Kloé Yannovitch est architecte au sein de Christophe Hutin Architecture. Elle restitue ci-après le récit du projet des Hauts Plateaux, développé par l’agence entre 2011 et 2017 à proximité de Bordeaux (★★★)
À Bègles, dans la métropole bordelaise, l’agence Christophe Hutin Architecture développe, de 2011 à 2016, un projet singulier : vingt logements individuels livrés en Vefa1, dans une structure collective. Une seconde phase plus expérimentale qui s’étend jusqu’en 2017, propose dix-sept logements innovants et évolutifs. Une ambition qui interroge les limites entre propriété, liberté d’habiter, densité urbaine et commun et qui pose la question : peut-on penser le vivre ensemble sans renoncer à l’individualité ?
VIVRE ENSEMBLE AUTREMENT
La formule « Vivre ensemble » est fréquemment invoquée et brandie comme une évidence dans les discours sur l’habitat, mais elle désigne en réalité un modèle spécifique : celui de l’habitat collectif, standardisé et organisé selon des règles communes, où la différence s’efface au nom de l’injonction du collectif. Vivre ensemble ne signifie pas nécessairement vivre de la même manière. À rebours d’une conception dominante du logement collectif, fondé sur la répétition et la rationalisation des espaces communs, le projet des Hauts Plateaux explore la possibilité d’une cohabitation des différences. Dans l’habitat, le rapport entre le collectif et l’individuel est souvent pensé de manière polarisée : soit dans une logique entièrement collective, soit dans une logique résolument individuelle, avec des maisons isolées au cœur de leur terrain et coupées du public. Cette opposition a ouvert la voie d’une recherche sur une architecture hybride, capable d’allier les bénéfices de ces deux extrêmes.
Au fil des analyses, nous avons préféré la notion de « commun » à celle de « collectif ». Le « collectif » renverrait à une forme de renoncement de l’individu·e au profit d’un ensemble. À l’inverse, le « commun » désignerait une somme de contributions individuelles qui créent un objet partagé, sans nier leurs singularités.
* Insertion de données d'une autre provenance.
Definition ortho_projector P := P^T = P /\ P *m P = P.

Lemma ortho_projectorC P : ortho_projector P -> ortho_projector (1%:M - P).
Proof.
move=> [P_sym P_idem]; split; first by rewrite linearB /= trmx1 P_sym.
by rewrite mulmxBl !mulmxBr !mul1mx mulmx1 P_idem subrr subr0.
Qed.

Lemma ortho_projectorB P Q : ortho_projector P -> ortho_projector Q ->
  Q *m P = P -> ortho_projector (Q - P).
Proof.
move=> [P_sym P_idem] [Q_sym Q_idem] QP; split; first by rewrite linearB /= P_sym Q_sym.
have PQ : P *m Q = P by rewrite -P_sym -Q_sym -trmx_mul QP.
by rewrite mulmxBl !mulmxBr Q_idem P_idem QP PQ subrr subr0.
Qed.

Lemma frob2_ortho_projector n P (X : 'M[R]_(m, n)) :
  ortho_projector P -> frob2 (P *m X) = mxdot X (P *m X).
Proof. by move=> [P_sym P_idem]; rewrite frob2_mxdot mxdotMl P_sym mulmxA P_idem. Qed.

Lemma sqnorm_ortho_projector_le P v : ortho_projector P -> sqnorm (P *m v) <= sqnorm v.
Proof.
move=> Pp; have := frob2_ge0 ((1%:M - P) *m v).
rewrite (frob2_ortho_projector _ (ortho_projectorC Pp)) mulmxBl mul1mx mxdotBr.
by rewrite -(frob2_ortho_projector _ Pp) -sqnorm_mxdot subr_ge0 !sqnorm_frob2.
Qed.

End OrthogonalProjector.

Section SpanProjector.
Variables (R : realType) (m : nat).
Implicit Types V W : {fset 'cV[R]_m}.

Lemma row_free_mul_tr_unit k (B : 'M[R]_(k, m)) : row_free B -> B *m B^T \in unitmx.
Proof.
move=> freeB; rewrite -row_free_unit -kermx_eq0; apply/eqP.
set K := kermx _; have KBBt : K *m (B *m B^T) = 0 by rewrite mulmx_ker.
have /eqP : mxdot (K *m B)^T (K *m B)^T = 0.
  by rewrite /mxdot trmxK trmx_mul mulmxA -(mulmxA K) KBBt mul0mx mxtrace0.
rewrite mxdot_eq0 trmx_eq0 => /eqP KB0.
by apply: (row_free_inj freeB); rewrite KB0 mul0mx.
Qed.

Lemma proj_unit V : row_base (rows_of V) *m (row_base (rows_of V))^T \in unitmx.
Proof. exact/row_free_mul_tr_unit/row_base_free. Qed.

Lemma proj_ortho_projector V : ortho_projector (proj V).
Proof.
rewrite /proj; have := proj_unit V; move: (row_base _) => B BBt_unit; split.
  by rewrite !trmx_mul trmxK trmx_inv trmx_mul trmxK mulmxA.
by rewrite -!mulmxA (mulmxA B B^T) mulKVmx.
Qed.

Lemma proj_sub V : (proj V <= rows_of V)%MS.
Proof. by rewrite (submx_trans (submxMl _ _)) // eq_row_base. Qed.

Lemma mulmx_proj p (Y : 'M[R]_(p, m)) V : (Y <= rows_of V)%MS -> Y *m proj V = Y.
Proof.
move=> sY; have : (Y <= row_base (rows_of V))%MS.
  by rewrite (submx_trans sY) // eq_row_base.
case/submxP => Z ->; rewrite /proj.
have := proj_unit V; move: (row_base _) => B BBt_unit.
by rewrite -!mulmxA (mulmxA B B^T) mulKVmx.
Qed.

Lemma rows_of_mem V v : v \in V -> (v^T <= rows_of V)%MS.
Proof.
move=> vV; have vS : (index v V < size (V : seq _))%N by rewrite index_mem.
have -> : v^T = row (Ordinal vS) (rows_of V) by rewrite /rows_of rowK nth_index.
exact: row_sub.
Qed.

Lemma rows_of_subset V W : {subset V <= W} -> (rows_of V <= rows_of W)%MS.
Proof. by move=> sVW; apply/row_subP => i; rewrite rowK rows_of_mem // sVW ?mem_nth. Qed.

Lemma proj_mul_subset V W : {subset V <= W} -> proj W *m proj V = proj V.
Proof.
move=> sVW; have [V_sym _] := proj_ortho_projector V.
have [W_sym _] := proj_ortho_projector W.
rewrite -V_sym -W_sym -trmx_mul mulmx_proj //.
exact/(submx_trans (proj_sub V))/rows_of_subset.
Qed.

Lemma proj_mem V v : v \in V -> proj V *m v = v.
Proof.
move=> vV; have [V_sym _] := proj_ortho_projector V.
by apply: trmx_inj; rewrite trmx_mul V_sym mulmx_proj // rows_of_mem.
Qed.

End SpanProjector.

Section SmallestSingularValue.
Variables (R : realType) (m : nat).
Implicit Types V S : {fset 'cV[R]_m}.

Lemma sqnormZ k a (x : 'cV[R]_k) : sqnorm (a *: x) = a ^+ 2 * sqnorm x.
Proof. by rewrite !sqnorm_mxdot mxdotZl mxdotZr mulrA expr2. Qed.

Lemma sigma_min_le V (x : 'cV[R]_(size (V : seq _))) :
  sqnorm x = 1 -> sigma_min V <= sqnorm (cols_of V *m x).
Proof.
move=> x1; apply: ge_inf; last by exists x.
by exists 0 => _ [y _ <-]; rewrite sqnorm_mxdot mxdot_ge0.
Qed.

Lemma sigma_min_ge0 V : 0 <= sigma_min V.
Proof.
rewrite /sigma_min; set E := (X in inf X).
have [->|/set0P nE] := eqVneq E set0; first by rewrite inf0.
apply: (@lb_le_inf R _ _ nE) => _ [y _ <-]; by rewrite sqnorm_mxdot mxdot_ge0.
Qed.

Lemma sigma_min_sqnorm V (x : 'cV[R]_(size (V : seq _))) :
  sigma_min V * sqnorm x <= sqnorm (cols_of V *m x).
Proof.
have [x0|x_neq0] := eqVneq (sqnorm x) 0.
  by rewrite x0 mulr0 sqnorm_mxdot mxdot_ge0.
have x_gt0 : 0 < sqnorm x by rewrite lt_def x_neq0 sqnorm_mxdot mxdot_ge0.
set c := (Num.sqrt (sqnorm x))^-1.
have c2 : c ^+ 2 = (sqnorm x)^-1 by rewrite exprVn sqr_sqrtr // ltW.
have := sigma_min_le (x := c *: x).
rewrite -scalemxAr !sqnormZ c2 mulVf // => /(_ erefl).
by rewrite -(ler_pM2l x_gt0) mulrA mulfV // mul1r mulrC.
Qed.

Lemma sigma_min_frob2 V q (X : 'M[R]_(size (V : seq _), q)) :
  sigma_min V * frob2 X <= frob2 (cols_of V *m X).
Proof.
rewrite !frob2_cols mulr_sumr; apply: ler_sum => j _.
by rewrite col_mulmx sigma_min_sqnorm.
Qed.

Lemma sigma_min_proj S q (Y : 'M[R]_(m, q)) :
  sigma_min S * frob2 (proj S *m Y) <= frob2 (rows_of S *m Y).
Proof.
set Z := proj S *m Y; set G := rows_of S *m Y.
have [PS_sym _] := proj_ortho_projector S.
have : (Z^T <= rows_of S)%MS.
  by rewrite trmx_mul PS_sym (submx_trans (submxMl _ _)) // proj_sub.
case/submxP => X ZtE; have ZE : Z = cols_of S *m X^T by rewrite -trmx_mul -ZtE trmxK.
have zE : frob2 Z = mxdot X^T G.
  by rewrite frob2_mxdot {1}ZE mxdotMl trmxK mulmxA mulmx_proj.
have CS : frob2 Z ^+ 2 <= frob2 X^T * frob2 G by rewrite zE !frob2_mxdot mxdot_sqr_le.
have sigmaX : sigma_min S * frob2 X^T <= frob2 Z by rewrite ZE sigma_min_frob2.
have [->|z_neq0] := eqVneq (frob2 Z) 0; first by rewrite mulr0 frob2_ge0.
have z_gt0 : 0 < frob2 Z by rewrite lt_def z_neq0 frob2_ge0.
have G_ge0 := frob2_ge0 G; have sigma_ge0 := sigma_min_ge0 S.
by rewrite -(ler_pM2r z_gt0); nra.
Qed.

End SmallestSingularValue.

Lemma sqr_sub_le_split (R : realFieldType) (s t N a b : R) : 0 <= t <= s ->
  a + b = s -> a ^+ 2 <= s * t -> b ^+ 2 <= s * N -> (s - t) ^+ 2 <= 4 * s * N.
Proof.
move=> /andP[t_ge0 ts] ab a2 b2.
(* AM-GM: 2 a <= 2 sqrt (s t) <= s + t, hence s - t <= 2 b. *)
have a_le : 2 * a <= s + t.
  have : (2 * a) ^+ 2 <= (s + t) ^+ 2 by nra.
  have : 0 <= s + t by lra.
  nra.
nra.
Qed.

Section GreedyStep.
Variables (R : realType) (m n : nat) (A : 'M[R]_(m, n)).
(* Let $G$ be a finite graph with ordered edges and let $H^i(G)$ be the cohomology of its chain complex $\mathcal{C}(G)$ (defined in the context). Then $$\sum_{i\ge 0}(-1)^i\, q\dim H^i(G) \;=\; P_G(1+q),$$ where $P_G(\lambda)$ is the chromatic polynomial of $G$.
   Context: Graphs are finite; loops and multiple edges are allowed. $P_G(\lambda)$ is the chromatic polynomial: for a positive integer $\lambda$, $P_G(\lambda)$ is the number of assignments of colors $\{1,\dots,\lambda\}$ to vertices such that the endpoints of every edge receive different colors (equivalently $P_G(\lambda)=\sum_{s\subseteq E}(-1)^{|s|}\lambda^{k(s)}$, $k(s)$ the number of components of $[G:s]$). For a graded $\mathbb{Z}$-module $\mathcal{M}=\bigoplus_j M_j$, $q\dim\mathcal{M}=\sum_j q^j\operatorname{rank}(M_j)$ with $\operatorname{rank}(M_j)=\dim_{\mathbb{Q}}(M_j\otimes\mathbb{Q})$. For $G=(V,E)$ and $s\subseteq E$, $[G:s]$ is the spanning subgraph with edge set $s$. With $1*1=1$, $1*x=x*1=x$, $x*x=0$: an enhanced state is $S=(s,c)$, $s\subseteq E$, $c$ assigning $1$ or $x$ to each component of $[G:s]$; $i(S)=|s|$, $j(S)=$ number of components colored $x$. $C^{i,j}(G)$ is free abelian on enhanced states with $i(S)=i,j(S)=j$; $C^i(G)=\bigoplus_jC^{i,j}(G)$ graded by $j$. For an ordering of the edges, $d(S)=\sum_{e\in E\setminus s}(-1)^{n(e)}S_e$, $n(e)$ the number of edges of $s$ before $e$; $S_e=(s\cup\{e\},c_e)$ where, if $e$ joins a component to itself, colors are unchanged, and if $e$ joins distinct components $E_1,E_2$ the merged component gets $c(E_1)*c(E_2)$ (and $S_e=0$ if this product is $0$). $H^{i,j}(G)$ is the cohomology of $(C^{\bullet,j}(G),d)$ and $H^i(G)=\bigoplus_j H^{i,j}(G)$, graded by $j$. *)

From HB Require Import structures.
From mathcomp Require Import all_boot all_order all_algebra.
Set Implicit Arguments. Unset Strict Implicit. Unset Printing Implicit Defensive.
Import GRing.Theory Num.Theory.
Local Open Scope ring_scope.

(* A finite graph (loops and multiple edges allowed): a finite vertex type V,
   m edges indexed by 'I_m (this index order is the edge ordering), and
   ends e = the pair of endpoints of edge e. *)
Section Chromatic.
Variables (V : finType) (m : nat) (ends : 'I_m -> V * V).

Definition adj (s : {set 'I_m}) : rel V := fun x y =>
  [exists e in s, (((ends e).1 == x) && ((ends e).2 == y))
               || (((ends e).1 == y) && ((ends e).2 == x))].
C’est une position fondatrice dans notre manière de penser la liberté, où le commun revendique une architecture respectueuse de l’individu·e et de sa liberté d’action sans rejeter l’implication collective.
UNE MAISON DANS UN IMMEUBLE
Le projet des Hauts Plateaux est une structure verticale et collective pensée pour accueillir des logements que les habitant·es peuvent concevoir,modifier ou agrandir librement, offrant des conditions de vie équivalentes à celles d’une maison individuelle. Pour cela, l’objectif était de proposer, en ville (à l’intérieur de la rocade de Bordeaux, à proximité du tramway, des écoles et de l’hôpital), des logements offrant les mêmes libertés d’usages, surfaces, et coût qu’une maison située dans un lotissement à 25 kilomètres, en périphérie de Bordeaux. Afin d’y parvenir, le coût d’accession d’un logement du projet devait être équivalent à celui d’une parcelle dans un lotissement classique (120 000 € à l’époque2).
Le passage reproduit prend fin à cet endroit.